THE DATA below:

Lemma rot_poly_eq0P M v : ~ (forall k, (k <= M.*2.+2)%N -> v k = 0) ->
  (rot_poly M.*2 v = 0 <->
   [/\ v 0%N != 0,
       (forall h : nat, (1 <= h <= M.*2.+2./2)%N ->
          v (2 * h)%N = 'C(M.*2.+2./2, h)%:R / 'C(M.*2.+2, 2 * h)%:R * v 0%N)
     & (forall h' : nat, (1 <= h' <= M.*2.+2./2)%N -> v (2 * h').-1 = 0)]).
Proof.
move=> vNZ; have half_d : M.*2.+2./2 = M.+1 by rewrite -doubleS half_double.
rewrite half_d; split=> [rot0|[v0 v_even v_odd]].
  have radial := rot_poly_eq0_radial rot0.
  split.
  - by apply: contra_notN vNZ => /eqP v0 k kM; rewrite (radial k kM) v0 mul0r.
  - move=> h /andP [h1 hM]; rewrite radial; last lia.
    by rewrite mul2n radial_coef_even mulrC.
  - move=> [|h] // /andP [_ hM]; rewrite radial; last lia.
    by rewrite radial_coef_odd ?mulr0 // mul2n doubleS /= odd_double.
rewrite (@eq_rot_poly _ _ (fun k => v 0%N * radial_coef M k)).
  by rewrite rot_polyZ rot_poly_radial scaler0.
move=> k; rewrite -[k]odd_double_half; case: (odd k); move: k./2 => [|h] /= kM.
- by rewrite (v_odd 1%N) ?radial_coef_odd ?mulr0.
- have -> : (1 + h.+1.*2 = (2 * h.+2).-1)%N by lia.
  rewrite v_odd; last lia.
  by rewrite radial_coef_odd ?mulr0 // mul2n doubleS /= odd_double.
- by rewrite radial_coef0 mulr1.
- by rewrite -mul2n v_even ?mul2n ?radial_coef_even 1?mulrC //; lia.
Qed.
(* Let $V$ be a finite dimensional real inner product space and let $X_1,\dots,X_n$ be self-adjoint elements of $\mathrm{End}(V)$ with $[X_i,X_j]=0$ for all $1\le i,j\le n$. Then there exists a constant $C>0$ such that for all $v\in V$ \[ C\Big(\sum_{i,j=1}^n\langle X_iv,v\rangle\langle X_jv,v\rangle\langle X_iv,X_jv\rangle\Big)^2\ \ge\ \Big(\sum_{i=1}^n\langle X_iv,v\rangle^2\Big)^3. \] *)

From HB Require Import structures.
From mathcomp Require Import all_boot all_order all_algebra.
Set Implicit Arguments. Unset Strict Implicit. Unset Printing Implicit Defensive.
Import Order.TTheory GRing.Theory Num.Theory.
Local Open Scope ring_scope.

(* The model of a d-dimensional real inner product space: row vectors
   'rV[R]_d with the standard inner product <u, w> = sum_k u_k w_k. *)
Definition ip (R : rcfType) (d : nat) (u w : 'rV[R]_d) : R := (u *m w^T) 0 0.

From HB Require Import structures.
From mathcomp Require Import all_boot all_order all_algebra.
From mathcomp Require Import ring lra.
From mathcomp Require Import complex spectral.
Import Order.TTheory GRing.Theory Num.Theory.
Set Implicit Arguments. Unset Strict Implicit. Unset Printing Implicit Defensive.
Local Open Scope ring_scope.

End of THE DATA.

WORK ORDER - Read through the entries above and copy each line that has the string "forall" in it.

WRITTEN SOLUTION -
Lemma rot_poly_eq0P M v : ~ (forall k, (k <= M.*2.+2)%N -> v k = 0) ->
       (forall h : nat, (1 <= h <= M.*2.+2./2)%N ->
     & (forall h' : nat, (1 <= h' <= M.*2.+2./2)%N -> v (2 * h').-1 = 0)]).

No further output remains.